For the material that follows, work out how many lines hold the word "dvdzN" and answer only with the number.

►

Lemma comb_pm_eq0_of_class_sum a b c d p q t (j0 : 'I_N) :
  (forall j : 'I_N, j != j0 -> comb_pm a b c d p q (w * om ^+ j) = 0) ->
  class_sum N a b c d p q w t = 0 -> comb_pm a b c d p q (w * om ^+ j0) = 0.
Proof.
move=> comb_eq0 class_eq0; have := sum_twisted_comb_pm a b c d p q t.
rewrite class_eq0 mulr0 (bigD1 j0) //= big1 => [|j /comb_eq0->]; rewrite ?mulr0 // addr0.
by move/eqP; rewrite mulf_eq0 expfz_eq0 (negbTE (prim_root_neq0 prim_om)) andbF => /eqP.
Qed.

End Averaging.
End Combinations.

Lemma sqr_eq1_of_exprn_eq1 (R : realDomainType) (x : R) (n : nat) :
  (0 < n)%N -> x ^+ n = 1 -> x ^+ 2 = 1.
Proof.
move=> n_gt0 xn1; have /eqP normx1 : `|x| == 1.
  by rewrite -(pexpr_eq1 n_gt0) ?normr_ge0 // -normrX xn1 normr1.
by rewrite -real_normK ?num_real // normx1 expr1n.
Qed.

Lemma two_term_coef_eq0 (F : numFieldType) (m : nat) (w : F) (x y : rat) (s s' : int) :
  m.-primitive_root w -> ~~ (m%:Z %| 2 * (s - s'))%Z ->
  ratr x * w ^ s + ratr y * w ^ s' = 0 -> x = 0.
Proof.
move=> prim_w not_dvd rel; apply: contraNeq not_dvd => x_neq0.
have w_neq0 := prim_root_neq0 prim_w.
have rx_neq0 : ratr x != 0 :> F by rewrite fmorph_eq0.
pose r := - y / x.
have w_ratr : w ^ (s - s') = ratr r.
  apply: (mulIf (expfz_neq0 s' w_neq0)); rewrite -expfzDr // subrK.
  apply: (mulfI rx_neq0).
  have -> : ratr x * w ^ s = - (ratr y * w ^ s') by apply/eqP; rewrite -addr_eq0 rel.
  by rewrite /r fmorph_div rmorphN /=; field.
have rm1 : r ^+ m = 1.
  apply/eqP; rewrite -(fmorph_eq1 (@ratr F)) rmorphXn /= -w_ratr.
  by rewrite exprnP exprzAC -exprnP (prim_expr_order prim_w) exp1rz.
rewrite -(prim_exprz_eq1 prim_w) mulrC -exprz_exp w_ratr -exprnP -rmorphXn.
by rewrite (sqr_eq1_of_exprn_eq1 (prim_order_gt0 prim_w) rm1) rmorph1.
Qed.

(* For a primitive [m]-th root [w], [w ^ x = +- w ^ y] iff [m] divides [2 (x - y)]:
   this says that [w ^ p], [w ^ -p], [w ^ q], [w ^ -q] are distinct up to sign. *)
Definition distinct_up_to_sign (m : nat) (p q : int) :=
  [&& ~~ (m%:Z %| 4 * p)%Z, ~~ (m%:Z %| 4 * q)%Z,
      ~~ (m%:Z %| 2 * (p + q))%Z & ~~ (m%:Z %| 2 * (p - q))%Z].

Lemma distinct_up_to_signN (m : nat) (p q : int) :
  distinct_up_to_sign m (- p) q = distinct_up_to_sign m p q.
Proof.
rewrite /distinct_up_to_sign.
have -> : - p + q = - (p - q) by ring.
have -> : - p - q = - (p + q) by ring.
by rewrite !mulrN !dvdzN; congr (_ && (_ && _)); rewrite andbC.
Qed.

Lemma distinct_up_to_signC (m : nat) (p q : int) :
  distinct_up_to_sign m q p = distinct_up_to_sign m p q.
Proof.
rewrite /distinct_up_to_sign.
have -> : q - p = - (p - q) by ring.
by rewrite (addrC q) mulrN dvdzN andbCA.
Qed.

◄

*Answer box*.
2